Ecover turns corona profits into green projects


A green Flemish company pledges half a million euros to innovative nature and biodiversity initiatives

Fertilise the future

The coronavirus may be bad for the economy as a whole, but some companies are cashing in. One of them, Ecover – which produces green cleaning products – has decided to do the decent thing and spend some of its extra profit on sustainable development projects.

The company, which is headquartered in Malle, Antwerp Province, has pledged at least €500,000 to a Fertilise the Future Fund. Companies and other organisations with innovative environmental projects can apply for grants from the fund.

“In the aftermath of this pandemic, innovative ideas and bold business plans may well be lost,” said Tom Domen (pictured), Ecover’s global innovation manager. “But faced with a climate crisis, these are the ideas that we need more than ever before. That is why we are asking companies and organisations with radically new ideas to apply to our fund.”

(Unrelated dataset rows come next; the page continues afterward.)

(* Under the standing assumptions, writing (R1) for $\mathscr{R}(A^*AB)=\mathscr{R}(B)$ and (R2) for $\mathscr{R}(CC^*B^* )=\mathscr{R}(B^* )$, the following hold. (57) $M^\dagger\in\{C^{-1}B^{(1)}A^{-1}\}$. (58) $M^\dagger\in\{C^{-1}B^{(1,2)}A^{-1}\}$. (59) $M^\dagger\in\{C^{-1}B^{(1,3)}A^{-1}\}\Leftrightarrow$ (R1). (60) $M^\dagger\in\{C^{-1}B^{(1,4)}A^{-1}\}\Leftrightarrow$ (R2). (61) $M^\dagger\in\{C^{-1}B^{(1,2,3)}A^{-1}\}\Leftrightarrow$ (R1). (62) $M^\dagger\in\{C^{-1}B^{(1,2,4)}A^{-1}\}\Leftrightarrow$ (R2). (63) $M^\dagger\in\{C^{-1}B^{(1,3,4)}A^{-1}\}\Leftrightarrow$ (R1) and (R2). (64) The following are equivalent: (i) $M^\dagger=C^{-1}B^\dagger A^{-1}$; (ii) (R1) and (R2); (iii) $\mathscr{R}(AA^*M)=\mathscr{R}(M)$ and $\mathscr{R}(C^*CM^* )=\mathscr{R}(M^* )$; (iv) $(A^*AB)(A^*AB)^\dagger=BB^\dagger$ and $(BCC^* )^\dagger(BCC^* )=B^\dagger B$; (v) $A^*ABB^*$ and $B^*BCC^*$ are both EP; (vi) $AA^*MM^*$ and $M^*MC^*C$ are both EP.
   Context: Standing assumptions: $m,n\ge1$; $A\in\mathbb{C}^{m\times m}$ and $C\in\mathbb{C}^{n\times n}$ are nonsingular; $B\in\mathbb{C}^{m\times n}$; $M=ABC$. For a complex matrix $X$, $X^*$ is its conjugate transpose, $r(X)$ its rank and $\mathscr{R}(X)$ its column space. A square matrix $X$ is called EP (range Hermitian) if $\mathscr{R}(X^* )=\mathscr{R}(X)$. For $X\in\mathbb{C}^{p\times q}$, a matrix $G\in\mathbb{C}^{q\times p}$ is called an $\{i,\ldots,j\}$-generalized inverse of $X$ (written $X^{(i,\ldots,j)}$) if it satisfies the equations numbered $i,\ldots,j$ among the four Penrose equations (i) $XGX=X$, (ii) $GXG=G$, (iii) $(XG)^*=XG$, (iv) $(GX)^*=GX$; $\{X^{(i,\ldots,j)}\}$ denotes the set of all such $G$. The Moore–Penrose inverse $X^\dagger$ is the unique matrix satisfying all four equations. For a type $(k,\ldots,l)$, $\{C^{-1}B^{(k,\ldots,l)}A^{-1}\}:=\{C^{-1}GA^{-1}: G\in\{B^{(k,\ldots,l)}\}\}$. *)

(* Complex matrices are modelled over an arbitrary
   numClosedFieldType R (e.g. algC), which carries complex conjugation. *)
From HB Require Import structures.
From mathcomp Require Import all_boot all_order all_algebra.
From Stdlib Require Import ClassicalEpsilon.
Set Implicit Arguments. Unset Strict Implicit. Unset Printing Implicit Defensive.
Import Order.TTheory GRing.Theory Num.Theory.
Local Open Scope ring_scope.
Section SwitchOff.
Variables (R : realType) (T R0 sigma u1 : R) (N : nat) (u x : R -> R) (s : R).
Hypotheses (s_ge0 : 0 <= s) (s_lt_T : s < T).
Hypotheses (u_meas : measurable_fun `[0, T] u).
Hypotheses (u_ge0 : forall t, 0 <= u t) (u_le : forall t, u t <= u1).
Hypotheses (x_cont : {within `[0, T], continuous x}).
Hypothesis (x_state : is_state T R0 N sigma u x).

Local Notation c := (N%:R * sigma ^+ 2).
Local Notation u' := (switch_off s u).
Local Notation x' := (switch_off_state c s x).

Lemma switch_off_state_before t : t <= s -> x' t = x t.
Proof.
move=> ts; rewrite /switch_off_state (min_idPl ts) (max_idPr _) ?mulr0 ?addr0 //.
by rewrite subr_le0.
Qed.

Lemma switch_off_state_after t : s <= t -> x' t = x s + c * (t - s).
Proof.
by move=> st; rewrite /switch_off_state (min_idPr st) (max_idPl _) // subr_ge0.
Qed.

Let m0T : measurable `[0, T]%classic. Proof. exact: measurable_itv. Qed.

Let sub0T (a b : R) (b0 b1 : bool) : 0 <= a -> b <= T ->
  [set` Interval (BSide b0 a) (BSide b1 b)] `<=` `[0, T]%classic.
Proof. by move=> a0 bT; apply: subset_itvScc; rewrite bnd_simp. Qed.

Let itv_integrable (f : R -> R) (a b : R) (b0 b1 : bool) : 0 <= a -> b <= T ->
  bounded_measurable `[0, T]%classic f ->
  lebesgue_measure.-integrable [set` Interval (BSide b0 a) (BSide b1 b)] (EFin \o f).
Proof.
move=> a0 bT fb; apply: bounded_measurable_integrable fb.
  exact: measurable_itv.
exact: sub0T.
Qed.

Projects could include anything from a green roof that enhances biodiversity, to sustainable agriculture or the restoration of natural ecosystems. “Ideas will be chosen based on the range of benefits they provide for people and planet,” the company says.

The fund is open to organisations anywhere in Europe, although the intention is to support at least one project each in the UK, Germany and Belgium. These are the countries where Ecover is sold.

Applicants are asked to choose between three funding levels, of roughly €11,000 to €110,000, €110,000 to €330,000, and above €330,000. Applications can be made until 31 August, and the number of grants given will depend on the quantity and quality of applications received.

While Ecover has not yet revealed how much extra money it has made thanks to the pandemic, it describes demand for its cleaning products being so high that it had to increase capacity at its Malle production plant.

“We used part of our capacity to produce hand disinfection gel for healthcare institutions in the region, where there was a shortage at the time,” Domen said. “But now it’s time to think about how we want to rebuild our society.”